Victor Croome

Personal information
- Born: 30 November 1899 Westminster, London, England
- Died: 1 September 1973 (aged 73) Thaxted, Essex, England
- Batting: Right-handed
- Role: Wicket-keeper

Domestic team information
- 1928–1930: Royal Air Force
- FC debut: 13 June 1928 RAF v Army
- Last FC: 5 July 1930 RAF v Army

Career statistics
| Competition | First-class |
| Matches | 5 |
| Runs scored | 124 |
| Batting average | 17.71 |
| 100s/50s | 0/0 |
| Top score | 36 |
| Catches/stumpings | 6/4 |
- Source: CricketArchive, 19 December 2007

= Victor Croome =

English cricketer

Victor Croome (30 November 1899 – 1 September 1973) was an English cricketer.
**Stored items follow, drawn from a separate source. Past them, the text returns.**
(* Let $(A,B)$ be an admissible pair of $n\times n$ complex matrices and put $r_A=\mathrm{rank}(A)$, $r_B=\mathrm{rank}(B)$. Then $m:=r_A+r_B-n\ge 0$, and there exists a permutation $\Pi$ of $\{1,\dots,n\}$ such that the boundary condition $A\Psi+B\Psi'=0$ is equivalent (i.e. has exactly the same solution pairs $(\Psi,\Psi')\in\mathbb C^n\times\mathbb C^n$) to the PQRS-form condition $$B_{PQRS}\tilde\Psi'=A_{PQRS}\tilde\Psi,\qquad \tilde\Psi=(\psi_{\Pi(1)}(0),\dots,\psi_{\Pi(n)}(0))^T,\ \tilde\Psi'=(\psi'_{\Pi(1)}(0),\dots,\psi'_{\Pi(n)}(0))^T,$$ for some matrices $P\in\mathbb C^{m\times(n-r_B)}$, $Q\in\mathbb C^{(n-r_A)\times(n-r_B)}$, $R\in\mathbb C^{(n-r_A)\times m}$ and some invertible self-adjoint $S\in\mathbb C^{m\times m}$. For a given admissible permutation $\Pi$, the matrices $P,Q,R,S$ (with $S$ invertible self-adjoint) are uniquely determined; choosing the lexicographically smallest admissible $\Pi$ makes the representation unique.
   Context: A vertex coupling at a vertex of degree $n$ of a quantum graph is given by boundary conditions $A\Psi+B\Psi'=0$, where $A,B\in\mathbb C^{n\times n}$ and $\Psi=(\psi_1(0),\dots,\psi_n(0))^T$, $\Psi'=(\psi_1'(0),\dots,\psi_n'(0))^T$ are the vectors of boundary values and boundary derivatives of the wave function on the $n$ edges at the vertex. The pair $(A,B)$ is called admissible if the $n\times 2n$ matrix $(A|B)$ has rank $n$ and $AB^*$ is self-adjoint. $I^{(j)}$ denotes the $j\times j$ identity matrix. With $m=r_A+r_B-n$, $a=n-r_A$, $b=n-r_B$, $S\in\mathbb C^{m\times m}$ self-adjoint, $P\in\mathbb C^{m\times b}$, $Q\in\mathbb C^{a\times b}$, $R\in\mathbb C^{a\times m}$, define the $n\times n$ block matrices (block sizes $m,a,b$) $$B_{PQRS}=\begin{pmatrix} I^{(m)} & 0 & P\\ R & I^{(a)} & Q\\ 0&0&0\end{pmatrix},\qquad A_{PQRS}=\begin{pmatrix} S & -SR^* & 0\\ 0&0&0\\ -P^* & (RP-Q)^* & I^{(b)}\end{pmatrix}.$$ *)

(* Complex numbers are modelled by an arbitrary
   numClosedFieldType C (includes the complex numbers; conjugation is x^* ). *)
From HB Require Import structures.
From mathcomp Require Import all_boot all_order all_algebra all_fingroup.
Set Implicit Arguments. Unset Strict Implicit. Unset Printing Implicit Defensive.
Import Order.TTheory GRing.Theory Num.Theory.
Local Open Scope ring_scope.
A right-handed batsman and occasional wicket-keeper, he played first-class cricket for the Royal Air Force between 1928 and 1930.

==Biography==

Born in Westminster, London in 1899, the son of Gloucestershire player Arthur Croome, Victor made his first-class debut for the RAF against the Army in 1928. He also played against the Royal Navy the same year. He played against the same opponents in 1929.

After a final match for the RAF against the Army in 1930, the remainder of his recorded cricket career took place in the Far East. He played for the Straits Settlements against the Federated Malay States in 1932 and 1933, and for Malaya against Hong Kong and Shanghai in Hong Kong in 1933. He died in Essex in 1973.